Saved data entries:
- - - - -

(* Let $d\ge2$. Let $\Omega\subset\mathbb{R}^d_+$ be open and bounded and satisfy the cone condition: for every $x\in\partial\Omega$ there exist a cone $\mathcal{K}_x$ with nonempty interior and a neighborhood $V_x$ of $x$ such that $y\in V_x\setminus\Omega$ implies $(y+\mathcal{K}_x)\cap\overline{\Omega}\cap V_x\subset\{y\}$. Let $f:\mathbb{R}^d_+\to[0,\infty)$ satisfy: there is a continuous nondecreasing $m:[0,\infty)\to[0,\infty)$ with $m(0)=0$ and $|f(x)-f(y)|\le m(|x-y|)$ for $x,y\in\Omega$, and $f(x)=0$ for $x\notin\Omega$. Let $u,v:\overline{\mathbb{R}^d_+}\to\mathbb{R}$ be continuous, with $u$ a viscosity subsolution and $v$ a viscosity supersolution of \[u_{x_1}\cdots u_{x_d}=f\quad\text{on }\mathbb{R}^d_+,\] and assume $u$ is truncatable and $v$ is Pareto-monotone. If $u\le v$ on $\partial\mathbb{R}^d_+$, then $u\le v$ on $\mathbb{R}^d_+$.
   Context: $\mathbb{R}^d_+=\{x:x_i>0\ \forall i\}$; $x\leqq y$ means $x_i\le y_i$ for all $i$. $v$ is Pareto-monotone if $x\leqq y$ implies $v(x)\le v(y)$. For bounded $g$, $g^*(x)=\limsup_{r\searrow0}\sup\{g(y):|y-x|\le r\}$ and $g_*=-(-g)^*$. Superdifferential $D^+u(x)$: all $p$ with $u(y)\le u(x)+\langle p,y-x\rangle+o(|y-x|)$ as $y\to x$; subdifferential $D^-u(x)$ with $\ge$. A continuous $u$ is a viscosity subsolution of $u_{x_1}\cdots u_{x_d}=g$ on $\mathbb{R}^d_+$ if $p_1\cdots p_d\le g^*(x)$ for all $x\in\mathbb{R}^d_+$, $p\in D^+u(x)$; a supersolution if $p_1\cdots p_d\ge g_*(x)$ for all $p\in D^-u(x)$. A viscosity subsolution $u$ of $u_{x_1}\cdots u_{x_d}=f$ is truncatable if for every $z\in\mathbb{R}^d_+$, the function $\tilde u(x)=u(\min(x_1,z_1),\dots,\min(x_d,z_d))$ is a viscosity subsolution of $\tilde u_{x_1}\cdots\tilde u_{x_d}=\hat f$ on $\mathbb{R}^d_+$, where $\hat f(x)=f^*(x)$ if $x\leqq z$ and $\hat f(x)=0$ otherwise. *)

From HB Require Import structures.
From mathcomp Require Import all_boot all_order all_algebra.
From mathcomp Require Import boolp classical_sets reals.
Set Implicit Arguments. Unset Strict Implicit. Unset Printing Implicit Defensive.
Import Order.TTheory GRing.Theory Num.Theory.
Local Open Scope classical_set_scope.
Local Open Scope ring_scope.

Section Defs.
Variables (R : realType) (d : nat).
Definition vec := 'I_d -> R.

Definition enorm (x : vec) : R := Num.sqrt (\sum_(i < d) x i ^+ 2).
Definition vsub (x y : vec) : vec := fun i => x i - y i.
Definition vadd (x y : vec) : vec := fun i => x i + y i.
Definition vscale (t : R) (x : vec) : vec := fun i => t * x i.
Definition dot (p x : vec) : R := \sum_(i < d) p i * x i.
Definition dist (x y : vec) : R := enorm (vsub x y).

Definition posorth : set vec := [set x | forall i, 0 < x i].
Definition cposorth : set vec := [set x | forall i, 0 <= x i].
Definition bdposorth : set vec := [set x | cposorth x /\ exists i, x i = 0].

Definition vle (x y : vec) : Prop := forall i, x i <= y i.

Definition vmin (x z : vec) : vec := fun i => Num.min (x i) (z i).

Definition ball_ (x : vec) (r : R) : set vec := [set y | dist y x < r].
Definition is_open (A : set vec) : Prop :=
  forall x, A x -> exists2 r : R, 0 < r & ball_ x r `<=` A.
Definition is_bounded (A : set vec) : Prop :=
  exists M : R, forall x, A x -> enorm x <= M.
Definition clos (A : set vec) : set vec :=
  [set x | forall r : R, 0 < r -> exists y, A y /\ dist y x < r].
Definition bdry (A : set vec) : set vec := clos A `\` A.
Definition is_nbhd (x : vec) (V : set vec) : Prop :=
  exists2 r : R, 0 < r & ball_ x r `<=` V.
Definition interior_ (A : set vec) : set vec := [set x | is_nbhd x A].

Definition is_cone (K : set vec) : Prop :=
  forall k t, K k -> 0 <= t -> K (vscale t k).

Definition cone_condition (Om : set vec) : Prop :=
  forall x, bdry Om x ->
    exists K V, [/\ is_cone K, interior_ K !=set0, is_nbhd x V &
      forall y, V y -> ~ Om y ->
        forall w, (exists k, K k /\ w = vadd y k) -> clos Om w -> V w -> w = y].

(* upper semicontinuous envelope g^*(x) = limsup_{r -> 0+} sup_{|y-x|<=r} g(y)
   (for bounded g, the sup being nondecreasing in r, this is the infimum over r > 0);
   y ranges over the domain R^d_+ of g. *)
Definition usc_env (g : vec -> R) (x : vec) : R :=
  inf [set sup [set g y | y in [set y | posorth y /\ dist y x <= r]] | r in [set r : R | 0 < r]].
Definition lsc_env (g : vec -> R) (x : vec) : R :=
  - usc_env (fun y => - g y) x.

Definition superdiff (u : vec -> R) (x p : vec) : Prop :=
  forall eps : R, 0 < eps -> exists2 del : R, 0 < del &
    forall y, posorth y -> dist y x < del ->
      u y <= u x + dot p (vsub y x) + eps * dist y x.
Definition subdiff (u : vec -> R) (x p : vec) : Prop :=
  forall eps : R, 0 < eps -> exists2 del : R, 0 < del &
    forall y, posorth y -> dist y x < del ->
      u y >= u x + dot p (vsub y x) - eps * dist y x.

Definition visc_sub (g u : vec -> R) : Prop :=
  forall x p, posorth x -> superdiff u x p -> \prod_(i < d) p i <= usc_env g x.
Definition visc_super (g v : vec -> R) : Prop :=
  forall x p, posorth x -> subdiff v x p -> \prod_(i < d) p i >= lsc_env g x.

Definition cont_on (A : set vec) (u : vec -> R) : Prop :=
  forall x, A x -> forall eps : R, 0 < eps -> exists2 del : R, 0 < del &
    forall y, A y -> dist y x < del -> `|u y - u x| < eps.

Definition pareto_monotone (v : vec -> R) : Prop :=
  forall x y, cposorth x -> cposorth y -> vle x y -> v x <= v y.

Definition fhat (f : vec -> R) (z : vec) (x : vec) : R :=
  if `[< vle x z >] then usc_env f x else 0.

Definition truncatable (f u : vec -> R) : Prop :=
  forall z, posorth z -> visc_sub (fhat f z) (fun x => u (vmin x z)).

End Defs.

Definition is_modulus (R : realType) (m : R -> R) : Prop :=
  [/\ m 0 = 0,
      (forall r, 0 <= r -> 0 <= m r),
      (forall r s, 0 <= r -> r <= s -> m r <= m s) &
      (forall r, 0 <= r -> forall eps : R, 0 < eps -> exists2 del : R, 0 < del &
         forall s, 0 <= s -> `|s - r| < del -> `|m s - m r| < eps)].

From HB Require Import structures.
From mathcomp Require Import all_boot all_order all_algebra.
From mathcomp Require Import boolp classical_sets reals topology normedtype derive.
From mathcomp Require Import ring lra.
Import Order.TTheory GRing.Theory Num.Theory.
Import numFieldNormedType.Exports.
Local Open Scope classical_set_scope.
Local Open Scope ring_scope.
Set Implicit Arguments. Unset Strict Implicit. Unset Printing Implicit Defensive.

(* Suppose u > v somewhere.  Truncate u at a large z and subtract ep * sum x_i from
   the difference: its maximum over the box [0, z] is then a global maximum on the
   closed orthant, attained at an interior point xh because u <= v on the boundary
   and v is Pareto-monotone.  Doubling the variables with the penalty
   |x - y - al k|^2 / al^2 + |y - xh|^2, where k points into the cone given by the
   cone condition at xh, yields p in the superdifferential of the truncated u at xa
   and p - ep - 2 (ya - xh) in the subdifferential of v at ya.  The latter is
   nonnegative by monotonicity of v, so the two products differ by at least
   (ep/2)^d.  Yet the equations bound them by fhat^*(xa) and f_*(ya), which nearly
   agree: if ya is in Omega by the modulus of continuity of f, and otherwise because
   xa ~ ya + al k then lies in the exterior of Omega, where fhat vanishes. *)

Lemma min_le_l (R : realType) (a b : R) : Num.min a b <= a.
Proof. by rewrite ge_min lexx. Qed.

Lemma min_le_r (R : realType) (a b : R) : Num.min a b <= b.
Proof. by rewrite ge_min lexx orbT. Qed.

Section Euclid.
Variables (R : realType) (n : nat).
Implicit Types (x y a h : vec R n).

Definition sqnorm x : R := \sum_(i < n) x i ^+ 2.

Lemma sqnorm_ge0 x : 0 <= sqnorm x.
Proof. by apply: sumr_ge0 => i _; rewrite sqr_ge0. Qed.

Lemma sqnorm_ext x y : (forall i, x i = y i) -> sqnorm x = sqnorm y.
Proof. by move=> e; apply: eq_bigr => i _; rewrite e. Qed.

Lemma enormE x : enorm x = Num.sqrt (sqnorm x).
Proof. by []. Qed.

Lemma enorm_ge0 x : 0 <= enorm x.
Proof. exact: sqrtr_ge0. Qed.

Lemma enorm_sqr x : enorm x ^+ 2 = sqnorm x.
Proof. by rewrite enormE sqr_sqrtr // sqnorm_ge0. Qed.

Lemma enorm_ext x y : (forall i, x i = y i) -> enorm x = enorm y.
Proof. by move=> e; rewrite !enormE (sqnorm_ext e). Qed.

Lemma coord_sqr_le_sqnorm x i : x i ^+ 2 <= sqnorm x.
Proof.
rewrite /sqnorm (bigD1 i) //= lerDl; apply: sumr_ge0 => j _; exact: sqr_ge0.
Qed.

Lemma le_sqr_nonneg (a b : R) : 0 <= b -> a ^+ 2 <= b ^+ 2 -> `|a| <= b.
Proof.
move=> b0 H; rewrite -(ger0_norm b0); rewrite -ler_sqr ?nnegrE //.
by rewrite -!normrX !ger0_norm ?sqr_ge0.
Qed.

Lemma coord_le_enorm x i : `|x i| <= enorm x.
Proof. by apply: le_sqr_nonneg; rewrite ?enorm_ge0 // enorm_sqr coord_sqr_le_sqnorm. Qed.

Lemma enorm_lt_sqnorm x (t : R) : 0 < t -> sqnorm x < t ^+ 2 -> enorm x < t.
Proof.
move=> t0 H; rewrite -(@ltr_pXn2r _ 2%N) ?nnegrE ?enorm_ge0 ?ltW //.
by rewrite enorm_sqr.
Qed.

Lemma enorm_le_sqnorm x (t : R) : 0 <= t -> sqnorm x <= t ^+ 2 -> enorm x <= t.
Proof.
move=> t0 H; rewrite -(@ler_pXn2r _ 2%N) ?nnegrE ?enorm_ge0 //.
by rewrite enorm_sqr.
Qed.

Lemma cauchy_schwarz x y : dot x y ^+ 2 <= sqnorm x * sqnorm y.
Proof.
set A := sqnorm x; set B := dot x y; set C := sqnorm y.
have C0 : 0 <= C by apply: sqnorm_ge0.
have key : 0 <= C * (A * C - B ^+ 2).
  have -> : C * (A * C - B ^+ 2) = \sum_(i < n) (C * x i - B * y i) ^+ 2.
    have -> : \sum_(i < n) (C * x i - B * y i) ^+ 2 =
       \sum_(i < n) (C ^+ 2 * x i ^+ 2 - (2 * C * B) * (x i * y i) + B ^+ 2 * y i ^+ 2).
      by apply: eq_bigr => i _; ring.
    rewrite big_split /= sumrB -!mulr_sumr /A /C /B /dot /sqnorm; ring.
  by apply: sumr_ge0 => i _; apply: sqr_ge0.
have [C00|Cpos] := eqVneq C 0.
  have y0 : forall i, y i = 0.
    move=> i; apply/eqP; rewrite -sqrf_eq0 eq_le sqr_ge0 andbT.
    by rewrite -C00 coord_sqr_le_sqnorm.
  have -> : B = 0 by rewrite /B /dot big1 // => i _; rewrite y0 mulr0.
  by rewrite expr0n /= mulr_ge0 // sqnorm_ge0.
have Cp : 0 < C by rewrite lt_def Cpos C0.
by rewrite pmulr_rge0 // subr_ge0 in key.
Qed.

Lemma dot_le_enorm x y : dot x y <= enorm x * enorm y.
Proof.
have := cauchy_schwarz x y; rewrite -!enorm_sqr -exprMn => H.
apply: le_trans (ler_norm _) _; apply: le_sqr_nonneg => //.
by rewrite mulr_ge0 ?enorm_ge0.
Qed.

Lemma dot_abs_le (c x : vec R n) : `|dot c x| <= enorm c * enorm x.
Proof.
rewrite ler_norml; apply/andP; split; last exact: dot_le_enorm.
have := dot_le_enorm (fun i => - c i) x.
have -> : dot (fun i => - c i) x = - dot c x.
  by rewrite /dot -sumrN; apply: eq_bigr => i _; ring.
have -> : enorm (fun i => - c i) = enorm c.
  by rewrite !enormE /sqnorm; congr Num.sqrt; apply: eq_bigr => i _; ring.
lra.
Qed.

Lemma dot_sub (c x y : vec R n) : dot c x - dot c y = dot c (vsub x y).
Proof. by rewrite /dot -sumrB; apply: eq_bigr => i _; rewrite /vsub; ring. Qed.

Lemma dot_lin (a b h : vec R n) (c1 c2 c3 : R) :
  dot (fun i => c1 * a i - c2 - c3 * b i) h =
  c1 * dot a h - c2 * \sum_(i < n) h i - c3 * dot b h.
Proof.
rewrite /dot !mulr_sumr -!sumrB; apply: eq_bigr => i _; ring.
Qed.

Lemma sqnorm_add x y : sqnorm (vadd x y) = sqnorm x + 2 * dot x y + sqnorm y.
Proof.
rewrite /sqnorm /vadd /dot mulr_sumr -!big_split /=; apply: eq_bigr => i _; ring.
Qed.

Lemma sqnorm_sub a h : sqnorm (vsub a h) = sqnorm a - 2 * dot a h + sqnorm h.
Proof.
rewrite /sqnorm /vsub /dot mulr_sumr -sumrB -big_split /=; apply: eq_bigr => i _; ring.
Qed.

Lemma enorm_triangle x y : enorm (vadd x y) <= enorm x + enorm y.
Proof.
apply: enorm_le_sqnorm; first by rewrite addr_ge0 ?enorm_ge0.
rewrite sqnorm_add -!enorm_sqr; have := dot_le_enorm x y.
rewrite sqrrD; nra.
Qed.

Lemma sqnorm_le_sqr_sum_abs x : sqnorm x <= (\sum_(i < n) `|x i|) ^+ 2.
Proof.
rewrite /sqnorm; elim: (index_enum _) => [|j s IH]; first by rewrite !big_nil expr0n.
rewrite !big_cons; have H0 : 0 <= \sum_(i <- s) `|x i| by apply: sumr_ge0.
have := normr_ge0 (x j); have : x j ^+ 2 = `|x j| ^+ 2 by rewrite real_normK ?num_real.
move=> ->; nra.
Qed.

- - - - -

DESCRIPTION OF THE TASK: Reproduce, word for word and in full, only the lines above that start at the line with "Lemma dot_lin (a" and run through the line with "rewrite !big_cons; have", both ends included.

EXERCISE OUTPUT:
Lemma dot_lin (a b h : vec R n) (c1 c2 c3 : R) :
  dot (fun i => c1 * a i - c2 - c3 * b i) h =
  c1 * dot a h - c2 * \sum_(i < n) h i - c3 * dot b h.
Proof.
rewrite /dot !mulr_sumr -!sumrB; apply: eq_bigr => i _; ring.
Qed.

Lemma sqnorm_add x y : sqnorm (vadd x y) = sqnorm x + 2 * dot x y + sqnorm y.
Proof.
rewrite /sqnorm /vadd /dot mulr_sumr -!big_split /=; apply: eq_bigr => i _; ring.
Qed.

Lemma sqnorm_sub a h : sqnorm (vsub a h) = sqnorm a - 2 * dot a h + sqnorm h.
Proof.
rewrite /sqnorm /vsub /dot mulr_sumr -sumrB -big_split /=; apply: eq_bigr => i _; ring.
Qed.

Lemma enorm_triangle x y : enorm (vadd x y) <= enorm x + enorm y.
Proof.
apply: enorm_le_sqnorm; first by rewrite addr_ge0 ?enorm_ge0.
rewrite sqnorm_add -!enorm_sqr; have := dot_le_enorm x y.
rewrite sqrrD; nra.
Qed.

Lemma sqnorm_le_sqr_sum_abs x : sqnorm x <= (\sum_(i < n) `|x i|) ^+ 2.
Proof.
rewrite /sqnorm; elim: (index_enum _) => [|j s IH]; first by rewrite !big_nil expr0n.
rewrite !big_cons; have H0 : 0 <= \sum_(i <- s) `|x i| by apply: sumr_ge0.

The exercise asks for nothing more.